• _Given records_
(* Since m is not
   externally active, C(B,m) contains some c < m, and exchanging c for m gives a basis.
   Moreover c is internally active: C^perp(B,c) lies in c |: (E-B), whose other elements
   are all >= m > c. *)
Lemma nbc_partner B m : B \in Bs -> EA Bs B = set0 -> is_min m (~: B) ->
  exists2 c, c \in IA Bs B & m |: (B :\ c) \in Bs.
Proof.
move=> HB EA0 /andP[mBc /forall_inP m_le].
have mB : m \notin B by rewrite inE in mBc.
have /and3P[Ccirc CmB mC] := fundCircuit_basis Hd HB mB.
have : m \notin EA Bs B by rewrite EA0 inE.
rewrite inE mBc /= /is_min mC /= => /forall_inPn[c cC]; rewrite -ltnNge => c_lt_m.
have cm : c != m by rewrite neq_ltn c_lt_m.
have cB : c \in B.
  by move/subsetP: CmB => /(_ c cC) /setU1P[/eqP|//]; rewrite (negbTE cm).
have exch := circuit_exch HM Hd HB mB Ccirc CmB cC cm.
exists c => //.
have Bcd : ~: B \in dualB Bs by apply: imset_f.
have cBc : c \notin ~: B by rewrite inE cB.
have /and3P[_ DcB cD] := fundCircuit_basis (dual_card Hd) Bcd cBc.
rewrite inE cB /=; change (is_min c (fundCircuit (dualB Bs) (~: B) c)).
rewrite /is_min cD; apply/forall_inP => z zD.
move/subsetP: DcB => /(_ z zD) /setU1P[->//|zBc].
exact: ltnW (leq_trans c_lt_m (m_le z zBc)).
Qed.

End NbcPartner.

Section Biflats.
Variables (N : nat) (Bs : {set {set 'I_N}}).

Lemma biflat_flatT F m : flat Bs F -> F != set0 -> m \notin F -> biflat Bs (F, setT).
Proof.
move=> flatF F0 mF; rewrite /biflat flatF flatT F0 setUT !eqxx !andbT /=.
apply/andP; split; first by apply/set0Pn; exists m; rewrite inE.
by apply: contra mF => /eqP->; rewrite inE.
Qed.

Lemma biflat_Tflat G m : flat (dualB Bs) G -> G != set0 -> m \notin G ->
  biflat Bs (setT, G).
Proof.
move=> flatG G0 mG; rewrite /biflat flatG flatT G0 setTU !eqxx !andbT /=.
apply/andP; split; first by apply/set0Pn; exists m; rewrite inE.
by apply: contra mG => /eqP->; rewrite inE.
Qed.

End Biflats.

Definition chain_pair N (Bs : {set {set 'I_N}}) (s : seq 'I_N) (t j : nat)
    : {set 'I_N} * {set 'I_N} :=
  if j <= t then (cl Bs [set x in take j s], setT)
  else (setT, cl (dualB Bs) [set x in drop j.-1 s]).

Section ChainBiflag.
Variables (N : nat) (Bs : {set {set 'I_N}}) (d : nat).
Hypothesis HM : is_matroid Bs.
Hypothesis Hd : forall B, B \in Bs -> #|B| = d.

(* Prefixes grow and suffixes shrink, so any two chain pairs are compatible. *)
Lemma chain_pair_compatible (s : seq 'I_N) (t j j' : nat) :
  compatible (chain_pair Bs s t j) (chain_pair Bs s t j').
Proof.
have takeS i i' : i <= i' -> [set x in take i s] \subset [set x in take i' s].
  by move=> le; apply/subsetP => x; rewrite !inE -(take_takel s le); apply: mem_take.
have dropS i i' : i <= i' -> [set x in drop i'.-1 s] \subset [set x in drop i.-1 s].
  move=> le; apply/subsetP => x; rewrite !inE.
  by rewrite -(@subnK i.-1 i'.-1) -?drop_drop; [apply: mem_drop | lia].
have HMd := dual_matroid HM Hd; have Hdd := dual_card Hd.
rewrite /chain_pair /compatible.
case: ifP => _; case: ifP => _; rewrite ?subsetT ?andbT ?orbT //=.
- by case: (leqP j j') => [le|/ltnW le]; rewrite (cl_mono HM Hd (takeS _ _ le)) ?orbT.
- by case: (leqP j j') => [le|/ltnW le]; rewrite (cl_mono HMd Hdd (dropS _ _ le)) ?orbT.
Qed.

• _Activity_
Character for character, reproduce all of the lines above.

• _Response to the exercise_
(* Since m is not
   externally active, C(B,m) contains some c < m, and exchanging c for m gives a basis.
   Moreover c is internally active: C^perp(B,c) lies in c |: (E-B), whose other elements
   are all >= m > c. *)
Lemma nbc_partner B m : B \in Bs -> EA Bs B = set0 -> is_min m (~: B) ->
  exists2 c, c \in IA Bs B & m |: (B :\ c) \in Bs.
Proof.
move=> HB EA0 /andP[mBc /forall_inP m_le].
have mB : m \notin B by rewrite inE in mBc.
have /and3P[Ccirc CmB mC] := fundCircuit_basis Hd HB mB.
have : m \notin EA Bs B by rewrite EA0 inE.
rewrite inE mBc /= /is_min mC /= => /forall_inPn[c cC]; rewrite -ltnNge => c_lt_m.
have cm : c != m by rewrite neq_ltn c_lt_m.
have cB : c \in B.
  by move/subsetP: CmB => /(_ c cC) /setU1P[/eqP|//]; rewrite (negbTE cm).
have exch := circuit_exch HM Hd HB mB Ccirc CmB cC cm.
exists c => //.
have Bcd : ~: B \in dualB Bs by apply: imset_f.
have cBc : c \notin ~: B by rewrite inE cB.
have /and3P[_ DcB cD] := fundCircuit_basis (dual_card Hd) Bcd cBc.
rewrite inE cB /=; change (is_min c (fundCircuit (dualB Bs) (~: B) c)).
rewrite /is_min cD; apply/forall_inP => z zD.
move/subsetP: DcB => /(_ z zD) /setU1P[->//|zBc].
exact: ltnW (leq_trans c_lt_m (m_le z zBc)).
Qed.

End NbcPartner.

Section Biflats.
Variables (N : nat) (Bs : {set {set 'I_N}}).

Lemma biflat_flatT F m : flat Bs F -> F != set0 -> m \notin F -> biflat Bs (F, setT).
Proof.
move=> flatF F0 mF; rewrite /biflat flatF flatT F0 setUT !eqxx !andbT /=.
apply/andP; split; first by apply/set0Pn; exists m; rewrite inE.
by apply: contra mF => /eqP->; rewrite inE.
Qed.

Lemma biflat_Tflat G m : flat (dualB Bs) G -> G != set0 -> m \notin G ->
  biflat Bs (setT, G).
Proof.
move=> flatG G0 mG; rewrite /biflat flatG flatT G0 setTU !eqxx !andbT /=.
apply/andP; split; first by apply/set0Pn; exists m; rewrite inE.
by apply: contra mG => /eqP->; rewrite inE.
Qed.

End Biflats.

Definition chain_pair N (Bs : {set {set 'I_N}}) (s : seq 'I_N) (t j : nat)
    : {set 'I_N} * {set 'I_N} :=
  if j <= t then (cl Bs [set x in take j s], setT)
  else (setT, cl (dualB Bs) [set x in drop j.-1 s]).

Section ChainBiflag.
Variables (N : nat) (Bs : {set {set 'I_N}}) (d : nat).
Hypothesis HM : is_matroid Bs.
Hypothesis Hd : forall B, B \in Bs -> #|B| = d.

(* Prefixes grow and suffixes shrink, so any two chain pairs are compatible. *)
Lemma chain_pair_compatible (s : seq 'I_N) (t j j' : nat) :
  compatible (chain_pair Bs s t j) (chain_pair Bs s t j').
Proof.
have takeS i i' : i <= i' -> [set x in take i s] \subset [set x in take i' s].
  by move=> le; apply/subsetP => x; rewrite !inE -(take_takel s le); apply: mem_take.
have dropS i i' : i <= i' -> [set x in drop i'.-1 s] \subset [set x in drop i.-1 s].
  move=> le; apply/subsetP => x; rewrite !inE.
  by rewrite -(@subnK i.-1 i'.-1) -?drop_drop; [apply: mem_drop | lia].
have HMd := dual_matroid HM Hd; have Hdd := dual_card Hd.
rewrite /chain_pair /compatible.
case: ifP => _; case: ifP => _; rewrite ?subsetT ?andbT ?orbT //=.
- by case: (leqP j j') => [le|/ltnW le]; rewrite (cl_mono HM Hd (takeS _ _ le)) ?orbT.
- by case: (leqP j j') => [le|/ltnW le]; rewrite (cl_mono HMd Hdd (dropS _ _ le)) ?orbT.
Qed.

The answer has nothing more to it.